Saved entries
(* There is an absolute constant $C$ such that the following holds. Let $\mathcal L(G(V,E),M,N,\{\pi^{v,e}\})$ be a $k$-Label Cover instance such that $|(\pi^{v,e})^{-1}(i)|\le d=4^k$ for all projections and all $i\in[N]$, and which is smooth with parameter $J=4^{17k}$. Let $\tau=k^{-13}$ and let $\vec w_v\in\mathbb R^M$ ($v\in V$) be arbitrary (the weight vectors of a halfspace $h(\vec y)=\mathrm{sgn}(\sum_{v\in V}\langle\vec w_v,\vec y_v\rangle-\theta)$ on $\{0,1\}^{V\times M}$). Then the fraction (with multiplicity) of hyperedges of $E$ that are $2\tau$-nice is at least $1-C/k$.
   Context: A $k$-Label Cover instance is a $k$-uniform hypergraph on $V$ with a multiset $E$ of hyperedges $e=(v_1,\dots,v_k)$ of distinct vertices, each with projections $\pi^{v_i,e}:[M]\to[N]$. It is smooth with parameter $J$ if for every vertex $v$ and all $i\ne j\in[M]$, for a uniformly random hyperedge $e$ containing $v$, $\Pr[\pi^{v,e}(i)=\pi^{v,e}(j)]\le1/J$. Critical index: for $\vec u\in\mathbb R^n$ order indices $i_1,\dots,i_n$ by decreasing $|u^{(i)}|$ (ties by increasing index), $\sigma_m^2=\sum_{j\ge m}|u^{(i_j)}|^2$; $c_\tau(\vec u)$ is the smallest $m$ with $|u^{(i_m)}|\le\tau\sigma_m$ ($+\infty$ if none); $C_\tau(\vec u)=\{i_1,\dots,i_{c_\tau(\vec u)-1}\}$ if finite, else $[n]$. $\mathrm{truncate}(\vec u,S)$ agrees with $\vec u$ on $S$ and is $0$ elsewhere. Set $\vec s_v=\mathrm{truncate}(\vec w_v,C_\tau(\vec w_v))$ and $\vec l_v=\vec w_v-\vec s_v$. A vertex $v$ is $\beta$-nice with respect to a hyperedge $e\ni v$ if $\sum_{i\in[N]}\big(\sum_{j\in\pi^{-1}(i)}|l_v^{(j)}|\big)^4\le\beta\|\vec l_v\|_2^4$ where $\pi=\pi^{v,e}$; a hyperedge is $\beta$-nice if each of its vertices is $\beta$-nice with respect to it. *)

From HB Require Import structures.
From mathcomp Require Import all_boot all_order all_algebra.
Set Implicit Arguments. Unset Strict Implicit. Unset Printing Implicit Defensive.
Import Order.TTheory GRing.Theory Num.Theory.
Local Open Scope ring_scope.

PROBLEM TO SOLVE: Reproduce the full block of data exactly, omitting nothing.

ANSWER BOX:
(* There is an absolute constant $C$ such that the following holds. Let $\mathcal L(G(V,E),M,N,\{\pi^{v,e}\})$ be a $k$-Label Cover instance such that $|(\pi^{v,e})^{-1}(i)|\le d=4^k$ for all projections and all $i\in[N]$, and which is smooth with parameter $J=4^{17k}$. Let $\tau=k^{-13}$ and let $\vec w_v\in\mathbb R^M$ ($v\in V$) be arbitrary (the weight vectors of a halfspace $h(\vec y)=\mathrm{sgn}(\sum_{v\in V}\langle\vec w_v,\vec y_v\rangle-\theta)$ on $\{0,1\}^{V\times M}$). Then the fraction (with multiplicity) of hyperedges of $E$ that are $2\tau$-nice is at least $1-C/k$.
   Context: A $k$-Label Cover instance is a $k$-uniform hypergraph on $V$ with a multiset $E$ of hyperedges $e=(v_1,\dots,v_k)$ of distinct vertices, each with projections $\pi^{v_i,e}:[M]\to[N]$. It is smooth with parameter $J$ if for every vertex $v$ and all $i\ne j\in[M]$, for a uniformly random hyperedge $e$ containing $v$, $\Pr[\pi^{v,e}(i)=\pi^{v,e}(j)]\le1/J$. Critical index: for $\vec u\in\mathbb R^n$ order indices $i_1,\dots,i_n$ by decreasing $|u^{(i)}|$ (ties by increasing index), $\sigma_m^2=\sum_{j\ge m}|u^{(i_j)}|^2$; $c_\tau(\vec u)$ is the smallest $m$ with $|u^{(i_m)}|\le\tau\sigma_m$ ($+\infty$ if none); $C_\tau(\vec u)=\{i_1,\dots,i_{c_\tau(\vec u)-1}\}$ if finite, else $[n]$. $\mathrm{truncate}(\vec u,S)$ agrees with $\vec u$ on $S$ and is $0$ elsewhere. Set $\vec s_v=\mathrm{truncate}(\vec w_v,C_\tau(\vec w_v))$ and $\vec l_v=\vec w_v-\vec s_v$. A vertex $v$ is $\beta$-nice with respect to a hyperedge $e\ni v$ if $\sum_{i\in[N]}\big(\sum_{j\in\pi^{-1}(i)}|l_v^{(j)}|\big)^4\le\beta\|\vec l_v\|_2^4$ where $\pi=\pi^{v,e}$; a hyperedge is $\beta$-nice if each of its vertices is $\beta$-nice with respect to it. *)

From HB Require Import structures.
From mathcomp Require Import all_boot all_order all_algebra.
Set Implicit Arguments. Unset Strict Implicit. Unset Printing Implicit Defensive.
Import Order.TTheory GRing.Theory Num.Theory.
Local Open Scope ring_scope.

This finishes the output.